There’s a new tax deduction this filing season for some buyers who took out loans to buy new cars in 2025. The provision is part of the One Big Beautiful Bill Act, which also removed taxes on tips and overtime for qualifying workers and eliminated a tax credit for buying electric vehicles.
Who is eligible
– Purchase date: The deduction only applies to new vehicles purchased after Dec. 31, 2024. Loans taken out before that date don’t qualify, and used-vehicle purchases are excluded.
– Income limits: The deduction phases out based on modified adjusted gross income (MAGI). For single filers the phaseout begins at $100,000, and for married couples filing jointly it begins at $200,000. MAGI is calculated after certain adjustments (for example, tax-deductible retirement contributions), and taxpayers near the thresholds may still claim a partial deduction because the phaseout is gradual.
– Assembly and use: The vehicle’s final assembly must have occurred in the United States. You can confirm that with the vehicle identification number (VIN). Brand names aren’t a guarantee of U.S. assembly. The car must be for personal use; vehicles used for business do not qualify.
What the deduction covers
– Amount: If you and the vehicle qualify, you may deduct up to $10,000 of interest paid on the auto loan per year.
– Documentation: Lenders are not required to provide a special tax form for this deduction. You should review your 2025 loan statements to calculate total interest paid during the year.
– Tax impact: This is a tax deduction, not a tax credit, so it reduces taxable income rather than directly reducing tax owed. For example, $1,000 in deductible interest is worth about $220 at a 22% marginal tax rate.
– Standard deduction: Unlike some interest deductions, this one can be claimed even if you take the standard deduction.
What it does not cover and its likely effects
– Exclusions: Leases are not eligible, and buyers who had 0% financing or paid cash get no benefit. Many used-car buyers—often those most hurt by high interest rates—are also ineligible.
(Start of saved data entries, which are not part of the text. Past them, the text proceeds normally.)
(* Let $M$ be a real symmetric matrix whose induced signed graph $\Gamma=(G,\sigma)$, $G=(V,E)$, is connected, and let $f$ be an eigenfunction of $M$ for an eigenvalue $\lambda$. Let $D_1,\dots,D_m$ be the weak nodal domains of $f$, and for each $i$ let $g_i(x)=f(x)$ if $x\in D_i$ and $g_i(x)=0$ otherwise. If $g=\sum_{i=1}^m a_ig_i$ with $a_1,\dots,a_m\in\mathbb R$ is an eigenfunction of $M$ for $\lambda$, then $a_1=a_2=\cdots=a_m$.
   Context: The induced signed graph of a real symmetric $n\times n$ matrix $M$ has vertices $x_1,\dots,x_n$, edge $\{x_i,x_j\}$ iff $i\ne j$ and $M_{ij}\ne0$, sign $\sigma_{x_ix_j}=-M_{ij}/|M_{ij}|$. Eigenfunctions are nonzero eigenvectors viewed as functions on $V$. A walk is $y_1,\dots,y_m$ ($m\ge2$) with consecutive vertices adjacent. A W-walk of $f$ is a walk such that for any two consecutive nonzeros $y_i,y_j$ along it ($i<j$, $f(y_i)\ne0\ne f(y_j)$, $f(y_l)=0$ for $i<l<j$) one has $f(y_i)\sigma_{y_iy_{i+1}}\cdots\sigma_{y_{j-1}y_j}f(y_j)>0$. On $\Omega=\{x:f(x)\ne0\}$ the relation ''$x=y$ or a W-walk connects $x$ and $y$'' is an equivalence relation with classes $W_1,\dots,W_q$; the weak nodal domains of $f$ are the induced subgraphs on $W_i^0=W_i\cup\{x\in V:\text{there is a W-walk from } x \text{ to some vertex of } W_i\}$ (membership $x\in D_i$ refers to the vertex set). *)

From HB Require Import structures.
From mathcomp Require Import all_boot all_order all_algebra fingraph.
From mathcomp Require Import boolp reals.
Set Implicit Arguments. Unset Strict Implicit. Unset Printing Implicit Defensive.
Import Order.TTheory GRing.Theory Num.Theory.
Local Open Scope ring_scope.

Section SignedGraph.
Variables (R : realType) (n : nat) (M : 'M[R]_n).

Definition adj : rel 'I_n := fun i j => (i != j) && (M i j != 0).

(* sign sigma_{x_i x_j} = - M_ij / |M_ij| (only meaningful on edges) *)
Definition sgn (i j : 'I_n) : R := - (M i j / `|M i j|).

Variable f : 'cV[R]_n.
Definition fv (x : 'I_n) : R := f x 0.

(* a walk y_1, ..., y_m (m >= 2) is represented as x :: s with s nonempty *)
Definition is_walk (x : 'I_n) (s : seq 'I_n) : bool :=
  (0 < size s)%N && path adj x s.

Definition W_cond (x : 'I_n) (s : seq 'I_n) : Prop :=
  let w := x :: s in
  forall i j : nat, (i < j < size w)%N ->
    fv (nth x w i) != 0 -> fv (nth x w j) != 0 ->
    (forall l : nat, (i < l < j)%N -> fv (nth x w l) = 0) ->
    0 < fv (nth x w i) * (\prod_(i <= k < j) sgn (nth x w k) (nth x w k.+1))
          * fv (nth x w j).

Definition W_walk (x : 'I_n) (s : seq 'I_n) : Prop := is_walk x s /\ W_cond x s.

Definition W_conn (x y : 'I_n) : Prop :=
  exists s : seq 'I_n, W_walk x s /\ last x s = y.

Definition Omega : {set 'I_n} := [set x | fv x != 0].

Definition W_class (x : 'I_n) : {set 'I_n} :=
  [set y | (fv y != 0) && `[< y = x \/ W_conn x y >]].

Definition W_classes : {set {set 'I_n}} := [set W_class x | x in Omega].

Definition weak_domain (W : {set 'I_n}) : {set 'I_n} :=
  W :|: [set x | `[< exists y, y \in W /\ W_conn x y >]].

Definition restr (D : {set 'I_n}) : 'cV[R]_n :=
  \col_i (if i \in D then f i 0 else 0).

End SignedGraph.

Definition eigenfunction (R : realType) (n : nat) (M : 'M[R]_n) (lam : R)
  (f : 'cV[R]_n) : Prop := f != 0 /\ M *m f = lam *: f.

From HB Require Import structures.
From mathcomp Require Import all_boot all_order all_algebra fingraph.
From mathcomp Require Import boolp reals.
From mathcomp Require Import zify ring.
Import Order.TTheory GRing.Theory Num.Theory.
Local Open Scope ring_scope.
Set Implicit Arguments. Unset Strict Implicit. Unset Printing Implicit Defensive.

(* Let m be the largest coefficient a_i. Then h = g - m f is again a
   lam-eigenfunction, and h = b f with b = a_i - m <= 0 on the domain D_i.
   If b vanishes at a nonzero vertex x, consider the row of M h = lam h at x,
   or at a zero neighbour z of x: its terms all have one sign, because a
   neighbour j of the other sign is joined to x by a W-walk of length 1 or 2,
   hence lies in the domain of x, where b = 0.  So the row vanishes termwise
   and b = 0 spreads to the nonzero neighbours.
   Across a longer stretch of zeros, the row of M f = lam f at its first
   vertex z yields neighbours of z of both signs with b = 0, and one of them
   reaches the next nonzero vertex through a W-walk along the stretch.  By
   connectedness b = 0 on the whole support, i.e. all a_i equal m. *)

Lemma prod_nat_rev (S : comPzSemiRingType) (F G : nat -> S) (N i j : nat) :
  (j < N)%N -> (i <= j)%N ->
  (forall k, (i <= k < j)%N -> F k = G (N - k.+2)%N) ->
  \prod_(i <= k < j) F k = \prod_(N - j.+1 <= k < N - i.+1) G k.
Proof.
elim: j => [|j IHj] jN ij FG; first by rewrite (_ : i = 0%N) ?big_geq //; lia.
have [->|ij'] : (i = j.+1 \/ i < j.+1)%N by lia.
  by rewrite !big_geq.
rewrite big_nat_recr //= (@big_ltn _ _ _ (N - j.+2)); last by lia.
rewrite (_ : (N - j.+2).+1 = N - j.+1)%N; last by lia.
rewrite IHj; [|lia|lia|by move=> k /andP[ik kj]; apply: FG; lia].
by rewrite FG 1?mulrC //; lia.
Qed.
– Policy impact: Because it’s limited in scope, relatively modest in value, and doesn’t affect vehicle production rules, the deduction is unlikely to be a major lever for shifting automakers’ manufacturing decisions. It should, however, provide a modest tax relief to qualifying new-car buyers without reducing benefits for others.
Bottom line
If you bought a new car assembled in the U.S. and took out an auto loan in 2025, check your loan statements and your MAGI to see whether you can claim up to $10,000 of deductible interest when you file. The benefit is modest but can help lower taxable income even if you take the standard deduction.